Using a color-coded ambigraphic nucleic acid notation to visualize conserved palindromic motifs within and across genomes
1 An independent investigator, Frederick, MD, USA
2 Department of Visual Studies, College of Arts and Sciences, State University of New York at Buffalo, Buffalo, NY, USA
BMC Genomics 2014, 15:52 doi:10.1186/1471-2164-15-52Published: 22 January 2014
Ambiscript is a graphically-designed nucleic acid notation that uses symbol symmetries to support sequence complementation, highlight biologically-relevant palindromes, and facilitate the analysis of consensus sequences. Although the original Ambiscript notation was designed to easily represent consensus sequences for multiple sequence alignments, the notation’s black-on-white ambiguity characters are unable to reflect the statistical distribution of nucleotides found at each position. We now propose a color-augmented ambigraphic notation to encode the frequency of positional polymorphisms in these consensus sequences.

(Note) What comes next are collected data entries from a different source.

(* Let $s\ge1$, $m_1,n_1>0$, and $1<n_2<m_2$. Let $n(x)=n_1(x+n_2)^N$ and $m(x)=m_1(x+m_2)^M$. If $M>\frac{N+1+s}{2}$, $0<N<1$ and $$m_2^{1-N}>\frac{m_1n_1+Mm_1^2n_1+n_1^2}{m_1^2},$$ then $$(1+n'(x))m^2(x)-(1+m'(x))m(x)n(x)-(x+1)^s n^2(x)>0\quad\text{for all }x\ge0.$$ *)

From Stdlib Require Import Reals.
From Coquelicot Require Import Coquelicot.
Open Scope R_scope.

Definition nfun (n1 n2 N : R) (x : R) : R := n1 * Rpower (x + n2) N.
Definition mfun (m1 m2 M : R) (x : R) : R := m1 * Rpower (x + m2) M.

(* With a = x + n2, b = x + m2 and x + 1 all at most b, every negative term of the expression is
   bounded by a constant multiple of b^(2M-1+N): the exponents M+N and s+2N are smaller because
   M > 1 and 2M > s+N+1.  The leading term m1^2 b^(2M) = m1^2 b^(1-N) b^(2M-1+N) is at least
   m1^2 m2^(1-N) b^(2M-1+N), and the hypothesis on m2^(1-N) says exactly that this beats the sum
   of the constants m1 n1 + M m1^2 n1 + n1^2. *)

From Stdlib Require Import Reals Lra.
From Coquelicot Require Import Coquelicot.
Open Scope R_scope.

Lemma Rpower_pos (b y : R) : 0 < Rpower b y.
Proof. unfold Rpower; apply exp_pos. Qed.

Lemma Derive_scal_Rpower_shift (c d e x : R) : 0 < x + d ->
  Derive (fun t => c * Rpower (t + d) e) x = c * (e * Rpower (x + d) (e - 1)).
Proof.
  intro Hxd; apply is_derive_unique, is_derive_scal.
  assert (Dpow : is_derive (fun y => Rpower y e) (x + d) (e * Rpower (x + d) (e - 1))).
  { apply is_derive_Reals, derivable_pt_lim_power; exact Hxd. }
  assert (Dshift : is_derive (fun t => t + d) x 1) by (auto_derive; auto; ring).
  pose proof (is_derive_comp _ _ x _ _ Dpow Dshift) as Dcomp.
  cbv [scal mult] in Dcomp; simpl in Dcomp.
  now rewrite Rmult_1_l in Dcomp.
Qed.

Lemma expression_ge_powers_of_upper_base (m1 n1 M N s a b c : R) :
  0 < m1 -> 0 < n1 -> 0 <= M -> 0 <= N -> 0 <= s -> 0 < a <= b -> 0 < c <= b ->
  (1 + n1 * (N * Rpower a (N - 1))) * (m1 * Rpower b M) ^ 2
  - (1 + m1 * (M * Rpower b (M - 1))) * (m1 * Rpower b M) * (n1 * Rpower a N)
  - Rpower c s * (n1 * Rpower a N) ^ 2
  >= m1 ^ 2 * Rpower b (2 * M) - m1 * n1 * Rpower b (M + N)
     - m1 ^ 2 * M * n1 * Rpower b (2 * M - 1 + N) - n1 ^ 2 * Rpower b (s + 2 * N).
Proof.
  intros Hm1 Hn1 HM HN Hs Hab Hcb.
  replace (2 * M - 1 + N) with (M - 1 + M + N) by ring.
  replace (2 * M) with (M + M) by ring.
  replace (s + 2 * N) with (s + N + N) by ring.
  rewrite !Rpower_plus.
  assert (HaN : Rpower a N <= Rpower b N) by (apply Rle_Rpower_l; lra).
  assert (Hcs : Rpower c s <= Rpower b s) by (apply Rle_Rpower_l; lra).
  pose proof (Rpower_pos a N) as PaN; pose proof (Rpower_pos b N) as PbN.
  pose proof (Rpower_pos b M) as PbM; pose proof (Rpower_pos b (M - 1)) as PbM1.
  pose proof (Rpower_pos c s) as Pcs; pose proof (Rpower_pos a (N - 1)) as PaN1.
  assert (Hderiv : 0 <= n1 * (N * Rpower a (N - 1)) * (m1 * Rpower b M) ^ 2).
  { apply Rmult_le_pos; [|apply pow2_ge_0]. apply Rmult_le_pos; [lra|]. apply Rmult_le_pos; lra. }
  assert (Hm1n1bM : 0 <= m1 * n1 * Rpower b M).
  { apply Rmult_le_pos; [apply Rmult_le_pos|]; lra. }
  assert (Hcross : m1 * Rpower b M * (n1 * Rpower a N) <= m1 * n1 * (Rpower b M * Rpower b N)).
  { pose proof (Rmult_le_compat_l _ _ _ Hm1n1bM HaN). lra. }
  assert (Hsq : Rpower c s * Rpower a N ^ 2 <= Rpower b s * Rpower b N * Rpower b N).
  { rewrite Rmult_assoc. apply Rmult_le_compat; [lra | apply pow2_ge_0 | lra | nra]. }
  assert (HMcross : 0 <= m1 * M * Rpower b (M - 1)) by (apply Rmult_le_pos; [apply Rmult_le_pos|]; lra).
  assert (Hn1sq : 0 <= n1 ^ 2) by apply pow2_ge_0.
  pose proof (Rmult_le_compat_l _ _ _ HMcross Hcross) as HMcross'.
  pose proof (Rmult_le_compat_l _ _ _ Hn1sq Hsq) as Hsq'.
  lra.
Qed.

Lemma powers_of_upper_base_ge_dominant (m1 n1 m2 M N s b : R) :
  0 < m1 -> 0 < n1 -> 0 < m2 <= b -> 1 < b -> N <= 1 -> 1 <= M -> s + N + 1 <= 2 * M ->
  m1 ^ 2 * Rpower b (2 * M) - m1 * n1 * Rpower b (M + N)
  - m1 ^ 2 * M * n1 * Rpower b (2 * M - 1 + N) - n1 ^ 2 * Rpower b (s + 2 * N)
  >= Rpower b (2 * M - 1 + N) * (m1 ^ 2 * Rpower m2 (1 - N) - m1 * n1 - m1 ^ 2 * M * n1 - n1 ^ 2).
Proof.
  intros Hm1 Hn1 Hm2b Hb HN HM HsNM.
  set (P := Rpower b (2 * M - 1 + N)).
  assert (HP : 0 < P) by apply Rpower_pos.
  assert (Hlead : Rpower m2 (1 - N) * P <= Rpower b (2 * M)).
  { replace (2 * M) with (1 - N + (2 * M - 1 + N)) by ring.
    rewrite Rpower_plus; apply Rmult_le_compat_r; [apply Rlt_le, Rpower_pos|].
    apply Rle_Rpower_l; lra. }
  assert (Hcross : Rpower b (M + N) <= P) by (apply Rle_Rpower; lra).
  assert (Hsq : Rpower b (s + 2 * N) <= P) by (apply Rle_Rpower; lra).
  assert (Hm1n1 : 0 < m1 * n1) by (apply Rmult_lt_0_compat; lra).
  assert (Hm1sq : 0 < m1 ^ 2) by (apply pow_lt; lra).
  assert (Hn1sq : 0 < n1 ^ 2) by (apply pow_lt; lra).
  pose proof (Rmult_le_compat_l _ _ _ (Rlt_le _ _ Hm1sq) Hlead).
  pose proof (Rmult_le_compat_l _ _ _ (Rlt_le _ _ Hm1n1) Hcross).
  pose proof (Rmult_le_compat_l _ _ _ (Rlt_le _ _ Hn1sq) Hsq).
  lra.
Qed.

Theorem lemma4p1 (s m1 n1 m2 n2 M N : R) :
  1 <= s -> 0 < m1 -> 0 < n1 -> 1 < n2 -> n2 < m2 ->
  M > (N + 1 + s) / 2 -> 0 < N -> N < 1 ->
  Rpower m2 (1 - N) > (m1 * n1 + M * m1 ^ 2 * n1 + n1 ^ 2) / m1 ^ 2 ->
  forall x : R, 0 <= x ->
    (1 + Derive (nfun n1 n2 N) x) * (mfun m1 m2 M x) ^ 2
    - (1 + Derive (mfun m1 m2 M) x) * mfun m1 m2 M x * nfun n1 n2 N x
    - Rpower (x + 1) s * (nfun n1 n2 N x) ^ 2 > 0.
Proof.
  intros Hs Hm1 Hn1 Hn2 Hm2 HM HN0 HN1 Hm2N x Hx.
  unfold nfun, mfun.
  rewrite !Derive_scal_Rpower_shift by lra.
  assert (Hconst : 0 < m1 ^ 2 * Rpower m2 (1 - N) - m1 * n1 - m1 ^ 2 * M * n1 - n1 ^ 2).
  { apply Rlt_div_l in Hm2N; [|apply pow_lt; lra]. lra. }
  pose proof (Rpower_pos (x + m2) (2 * M - 1 + N)) as HP.
  apply Rlt_le_trans with (1 := Rmult_lt_0_compat _ _ HP Hconst).
  eapply Rle_trans; [apply Rge_le, (powers_of_upper_base_ge_dominant _ _ _ _ _ s); lra|].
  apply Rge_le, expression_ge_powers_of_upper_base; lra.
Qed.
Lemma bad_length {t} : simplex t -> ~ good G0 t -> (2 <= length t)%nat.
Proof.
move=> [_ t_nodup] /not_all_ex_not [w w_bad].
have [[[w_ne w_nodup] w_sub] w_thin] := imply_to_and _ _ w_bad.
have := NoDup_incl_length w_nodup w_sub.
case: w {w_bad w_nodup w_sub} w_ne w_thin => [|a [|b w]] // _ w_thin /=; last by lia.
by case: w_thin; apply: point_thickness.
Qed.

Lemma good_incl {s t} : good G0 s -> simplex t -> incl t s -> good G0 t.
Proof. by move=> s_good _ t_sub u [u_simplex u_sub]; apply: s_good; split=> //; apply: incl_tran t_sub. Qed.

(* Every Gamma0-bad simplex has a face that is a Gamma0-flake: descend to a
   bad proper face as long as there is one. *)
Lemma flake_in_bad {s} : simplex s -> ~ good G0 s -> exists tau, face tau s /\ flake G0 tau.
Proof.
move: {2}(length s) (le_n (length s)) => n; elim: n s => [|n IH] s len s_simplex s_bad.
  by case: s len s_simplex {s_bad} => [|a s] /= len [s_ne _]; [| lia].
case: (classic (exists u, proper_face u s /\ ~ good G0 u)) => [[u [[u_face u_short] u_bad]]|no_bad].
- case: u_face => u_simplex u_sub.
  have [tau [[tau_simplex tau_sub] tau_flake]] := IH u ltac:(lia) u_simplex u_bad.
  by exists tau; split=> //; split=> //; apply: incl_tran u_sub.
- exists s; split; first by split=> //; apply: incl_refl.
  by split=> // u u_proper; apply: NNPP => u_bad; apply: no_bad; exists u.
Qed.

(* More than m + 1 distinct points of R^m never form a Gamma0-good simplex:
   some vertex lies in the affine hull of the others, so its altitude is 0,
   while the required altitude bound is positive. *)
Lemma overfull_bad {s} : 0 < G0 -> NoDup s -> (m + 1 < length s)%nat -> ~ good G0 s.
Proof.
move=> G0_pos s_nodup long s_good.
have [k [k_lt k_in_aff]] := vertex_in_affine_hull _ long.
have s_face : face s s.
  split; [split=> // s_nil | exact: incl_refl].
  by rewrite s_nil /= in long; lia.
have := s_good s s_face; rewrite /thickness_ge /simplex_dim.
have -> : Nat.eqb (length s - 1) 0 = false by apply/Nat.eqb_neq; lia.
move/(_ k k_lt (nth k s origin) k_in_aff); rewrite dist_self.
have : 0 < G0 ^ (length s - 1) * (INR (length s - 1) * diam s).
  apply: Rmult_lt_0_compat; first exact: pow_lt.
  by apply: Rmult_lt_0_compat; [apply: lt_0_INR; lia | apply: diam_pos => //; lia].
lra.
Qed.

(* A flake inside a good simplex extended by one new vertex q must use q:
   otherwise it would lie in the good simplex and be good itself. *)
Lemma new_vertex_in_flake {s q tau} :
  good G0 s -> face tau (q :: s) -> flake G0 tau -> In q tau.
Proof.
move=> s_good [tau_simplex tau_sub] [tau_bad _]; apply: NNPP => q_notin.
apply: tau_bad; apply: (good_incl s_good tau_simplex) => v v_in.
by case: (tau_sub v v_in) => // q_eq_v; rewrite q_eq_v in q_notin.
Qed.

End Goodness.

Section DelaunayBalls.
Context {m : nat} {P : list (pt m)}.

We have implemented this color-coding approach by creating an Adobe Flash® application ( http://www.ambiscript.org webcite) that shades and colors modified Ambiscript characters according to the prevalence of the encoded nucleotide at each position in the alignment. The resulting graphic helps viewers perceive biologically-relevant patterns in multiple sequence alignments by uniquely combining color, shading, and character symmetries to highlight palindromes and inverted repeats in conserved DNA motifs.
Juxtaposing an intuitive color scheme over the deliberate character symmetries of an ambigraphic nucleic acid notation yields a highly-functional nucleic acid notation that maximizes information content and successfully embodies key principles of graphic excellence put forth by the statistician and graphic design theorist, Edward Tufte.